→ WORK INSTRUCTIONS
Exact reproduction required: the lines below from the line with "assert (Hs : 0" to the line with "- apply (continuity_seq", both ends included, and no others.

┌──

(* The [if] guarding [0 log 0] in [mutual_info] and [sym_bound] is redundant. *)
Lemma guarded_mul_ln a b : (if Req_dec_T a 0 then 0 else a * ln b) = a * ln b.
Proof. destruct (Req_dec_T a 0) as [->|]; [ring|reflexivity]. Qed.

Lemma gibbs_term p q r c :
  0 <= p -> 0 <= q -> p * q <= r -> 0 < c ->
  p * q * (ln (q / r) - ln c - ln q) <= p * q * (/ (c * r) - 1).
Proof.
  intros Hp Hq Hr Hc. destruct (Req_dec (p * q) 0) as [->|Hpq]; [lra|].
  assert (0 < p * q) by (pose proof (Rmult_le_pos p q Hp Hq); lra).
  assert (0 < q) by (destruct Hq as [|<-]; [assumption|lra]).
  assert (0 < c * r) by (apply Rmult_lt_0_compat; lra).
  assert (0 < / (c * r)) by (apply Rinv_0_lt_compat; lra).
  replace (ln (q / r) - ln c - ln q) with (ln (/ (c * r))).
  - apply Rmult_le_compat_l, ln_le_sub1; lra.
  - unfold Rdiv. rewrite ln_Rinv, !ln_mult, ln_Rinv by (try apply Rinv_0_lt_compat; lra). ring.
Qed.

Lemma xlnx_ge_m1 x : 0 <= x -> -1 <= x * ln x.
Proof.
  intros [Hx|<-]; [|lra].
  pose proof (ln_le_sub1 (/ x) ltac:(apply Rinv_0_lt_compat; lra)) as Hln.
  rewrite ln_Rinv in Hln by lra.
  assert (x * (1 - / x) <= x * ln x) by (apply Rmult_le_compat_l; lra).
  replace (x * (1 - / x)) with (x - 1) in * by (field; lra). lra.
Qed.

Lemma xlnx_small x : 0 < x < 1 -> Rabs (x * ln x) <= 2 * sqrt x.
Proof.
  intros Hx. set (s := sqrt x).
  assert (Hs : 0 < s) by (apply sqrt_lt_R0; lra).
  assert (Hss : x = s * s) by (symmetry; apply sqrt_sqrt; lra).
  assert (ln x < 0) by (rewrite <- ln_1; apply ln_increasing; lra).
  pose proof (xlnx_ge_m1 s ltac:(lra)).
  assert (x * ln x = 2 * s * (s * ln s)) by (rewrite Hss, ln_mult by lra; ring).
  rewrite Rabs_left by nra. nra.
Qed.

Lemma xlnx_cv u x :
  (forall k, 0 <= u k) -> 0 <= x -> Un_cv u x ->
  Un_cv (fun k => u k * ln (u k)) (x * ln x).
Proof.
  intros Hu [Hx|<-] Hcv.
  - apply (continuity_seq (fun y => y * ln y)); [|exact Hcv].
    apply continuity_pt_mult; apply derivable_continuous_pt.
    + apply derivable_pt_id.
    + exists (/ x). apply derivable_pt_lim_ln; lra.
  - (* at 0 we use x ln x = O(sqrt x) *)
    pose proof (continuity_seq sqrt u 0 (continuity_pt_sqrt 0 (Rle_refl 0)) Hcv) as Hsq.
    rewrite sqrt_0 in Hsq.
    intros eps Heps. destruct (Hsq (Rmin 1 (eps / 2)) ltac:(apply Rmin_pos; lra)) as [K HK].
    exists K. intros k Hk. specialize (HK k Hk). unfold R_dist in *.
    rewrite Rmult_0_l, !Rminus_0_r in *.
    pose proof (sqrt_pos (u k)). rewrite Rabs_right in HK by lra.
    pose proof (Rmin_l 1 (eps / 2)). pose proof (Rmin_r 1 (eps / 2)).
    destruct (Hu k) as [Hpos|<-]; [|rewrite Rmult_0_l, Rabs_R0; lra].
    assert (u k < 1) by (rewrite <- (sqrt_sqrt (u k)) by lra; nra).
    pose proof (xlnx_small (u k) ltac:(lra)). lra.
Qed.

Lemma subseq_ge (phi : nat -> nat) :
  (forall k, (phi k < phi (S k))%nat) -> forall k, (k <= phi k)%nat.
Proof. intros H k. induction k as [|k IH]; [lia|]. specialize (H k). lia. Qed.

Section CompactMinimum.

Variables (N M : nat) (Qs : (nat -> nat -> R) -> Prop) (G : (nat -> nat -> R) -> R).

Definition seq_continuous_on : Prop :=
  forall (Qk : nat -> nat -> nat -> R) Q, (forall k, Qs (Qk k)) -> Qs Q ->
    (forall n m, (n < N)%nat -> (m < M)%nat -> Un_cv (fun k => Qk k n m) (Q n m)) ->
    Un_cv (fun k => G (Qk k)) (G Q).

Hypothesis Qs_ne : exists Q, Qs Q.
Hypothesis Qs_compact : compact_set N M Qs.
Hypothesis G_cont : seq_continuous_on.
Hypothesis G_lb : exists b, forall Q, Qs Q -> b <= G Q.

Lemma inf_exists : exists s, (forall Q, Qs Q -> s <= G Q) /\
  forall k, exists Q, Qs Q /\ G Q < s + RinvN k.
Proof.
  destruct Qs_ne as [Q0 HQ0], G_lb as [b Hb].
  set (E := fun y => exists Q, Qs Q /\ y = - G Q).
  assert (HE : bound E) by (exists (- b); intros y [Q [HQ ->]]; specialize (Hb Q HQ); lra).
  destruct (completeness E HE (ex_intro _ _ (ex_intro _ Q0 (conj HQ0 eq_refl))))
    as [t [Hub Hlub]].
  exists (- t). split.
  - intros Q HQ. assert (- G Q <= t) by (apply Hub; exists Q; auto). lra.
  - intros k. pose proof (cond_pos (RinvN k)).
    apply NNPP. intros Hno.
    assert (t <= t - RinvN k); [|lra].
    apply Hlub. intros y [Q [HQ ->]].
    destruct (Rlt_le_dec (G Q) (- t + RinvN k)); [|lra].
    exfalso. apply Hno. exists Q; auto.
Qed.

└──

→ SOLUTION
  assert (Hs : 0 < s) by (apply sqrt_lt_R0; lra).
  assert (Hss : x = s * s) by (symmetry; apply sqrt_sqrt; lra).
  assert (ln x < 0) by (rewrite <- ln_1; apply ln_increasing; lra).
  pose proof (xlnx_ge_m1 s ltac:(lra)).
  assert (x * ln x = 2 * s * (s * ln s)) by (rewrite Hss, ln_mult by lra; ring).
  rewrite Rabs_left by nra. nra.
Qed.

Lemma xlnx_cv u x :
  (forall k, 0 <= u k) -> 0 <= x -> Un_cv u x ->
  Un_cv (fun k => u k * ln (u k)) (x * ln x).
Proof.
  intros Hu [Hx|<-] Hcv.
  - apply (continuity_seq (fun y => y * ln y)); [|exact Hcv].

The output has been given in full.